> [Work item]:
Search the material for "integralC" and copy each line in which it is found.

> [Record excerpts]:
(* For $j=1,2$ let $K_j=\mathbb Q(u_j)$ be a totally real quartic number field, $p_j\in\mathbb Q[t]$ the minimal polynomial of $u_j$, $\mathcal O_{K_j}$ its ring of integers, and $\beta_j$ a $\mathbb Z$-basis of $\mathcal O_{K_j}$ (identifying $\mathcal O_{K_j}$ with $\mathbb Z^4$ and $K_j$ with $\mathbb Q^4$). For $x\in K_j$ let $m_j(x)\in \mathrm{GL}_4(\mathbb Q)$ (for $x\neq0$) be the matrix of multiplication by $x$ in the basis $\beta_j$, let $\tilde T_j:=\mathrm{span}_{\mathbb R}\{m_j(1),m_j(u_j),m_j(u_j^2),m_j(u_j^3)\}\cap\mathrm{GL}_4(\mathbb R)$ (an $\mathbb R$-split torus) and $T_j$ its identity component. Choose three multiplicatively independent units of $\mathcal O_{K_j}$ with multiplication matrices $A^{(j)}_1,A^{(j)}_2,A^{(j)}_3\in\mathrm{GL}_4(\mathbb Z)\cap\tilde T_j$, let $\Lambda_j$ be the intersection with $T_j$ of the group they generate, and let $\Gamma_j:=\Lambda_j\ltimes\mathbb Z^4\subset G_{T_j}:=T_j\ltimes\mathbb R^4$. If $\Gamma_1$ and $\Gamma_2$ are commensurable, i.e. there exist finite index subgroups $\Gamma_1'\subset\Gamma_1$, $\Gamma_2'\subset\Gamma_2$ and a Lie group isomorphism $\Phi:G_{T_1}\to G_{T_2}$ with $\Phi(\Gamma_1')=\Gamma_2'$, then the splitting fields of $p_1$ and $p_2$ over $\mathbb Q$ are isomorphic.
   Context: $G_{T_j}=T_j\ltimes\mathbb R^4$ is the semidirect product with $T_j$ acting linearly on $\mathbb R^4$; each $G_{T_j}$ is isomorphic to $\exp(\mathfrak a)\ltimes\mathbb R^4$ with $\mathfrak a$ the traceless diagonal $4\times4$ matrices, and $\Gamma_j$ is a lattice in $G_{T_j}$. *)

From HB Require Import structures.
From mathcomp Require Import all_boot all_order all_algebra all_field.
From mathcomp Require Import all_classical all_reals all_analysis.
Unset Printing Implicit Defensive.
Import Order.TTheory GRing.Theory Num.Theory.
Import numFieldTopology.Exports numFieldNormedType.Exports.
Local Open Scope classical_set_scope.
Local Open Scope ring_scope.

Definition pevalC (q : {poly rat}) (x : algC) : algC := (map_poly ratr q).[x].

(* p is the minimal polynomial of u over Q, Q(u) is quartic and totally real
   (all conjugates of u, i.e. all complex roots of p, are real) *)
Definition totally_real_quartic_minpoly (p : {poly rat}) (u : algC) : Prop :=
  [/\ p \is monic, irreducible_poly p, size p = 5%N, root (map_poly ratr p) u
    & forall z : algC, root (map_poly ratr p) z -> z \is Num.real].

Definition in_Qu (u x : algC) : Prop := exists q : {poly rat}, x = pevalC q u.

Definition integralC (x : algC) : Prop :=
  exists q : {poly int}, q \is monic /\ (map_poly (fun z : int => z%:~R) q).[x] = 0.

Definition in_OK (u x : algC) : Prop := in_Qu u x /\ integralC x.

Definition is_Zbasis (u : algC) (b : 'I_4 -> algC) : Prop :=
  [/\ (forall i, in_OK u (b i)),
      (forall x, in_OK u x -> exists c : 'I_4 -> int, x = \sum_i (c i)%:~R * b i)
    & forall c : 'I_4 -> int, \sum_i (c i)%:~R * b i = 0 -> forall i, c i = 0].

(* M is the matrix of multiplication by x in the basis b (acting on column
   coordinate vectors):  x * b_i = sum_k M k i * b_k *)
Definition is_mult_matrix (b : 'I_4 -> algC) (x : algC) (M : 'M[rat]_4) : Prop :=
  forall i, x * b i = \sum_k ratr (M k i) * b k.

Definition is_unit_OK (u e : algC) : Prop := [/\ in_OK u e, e != 0 & in_OK u e^-1].

Definition mult_indep (e : 'I_3 -> algC) : Prop :=
  forall a : 'I_3 -> int, \prod_i (e i) ^ (a i) = 1 -> forall i, a i = 0.

Definition field_data (p : {poly rat}) (u : algC) (b : 'I_4 -> algC)
  (M : 'I_4 -> 'M[rat]_4) (e : 'I_3 -> algC) (A : 'I_3 -> 'M[rat]_4) : Prop :=
  [/\ totally_real_quartic_minpoly p u /\ is_Zbasis u b,
      (forall k : 'I_4, is_mult_matrix b (u ^+ k) (M k)),
      (forall i, is_unit_OK u (e i)), mult_indep e
    & forall i, is_mult_matrix b (e i) (A i)].

Definition subfieldC (F : set algC) : Prop :=
  [/\ F 1, (forall x y, F x -> F y -> F (x - y)),
      (forall x y, F x -> F y -> F (x * y)) & (forall x, F x -> F x^-1)].

Definition splitting_fieldC (p : {poly rat}) : set algC :=
  [set x | forall F, subfieldC F ->
     (forall z, root (map_poly ratr p) z -> F z) -> F x].

Definition fields_isomorphic (F1 F2 : set algC) : Prop :=
  exists f : algC -> algC,
    [/\ (forall x, F1 x -> F2 (f x)),
        (forall y, F2 y -> exists2 x, F1 x & f x = y),
        (forall x y, F1 x -> F1 y -> f x = f y -> x = y) /\
        (forall x y, F1 x -> F1 y -> f (x + y) = f x + f y),
        (forall x y, F1 x -> F1 y -> f (x * y) = f x * f y)
      & f 1 = 1].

> [Exercise result]:
Definition integralC (x : algC) : Prop :=
Definition in_OK (u x : algC) : Prop := in_Qu u x /\ integralC x.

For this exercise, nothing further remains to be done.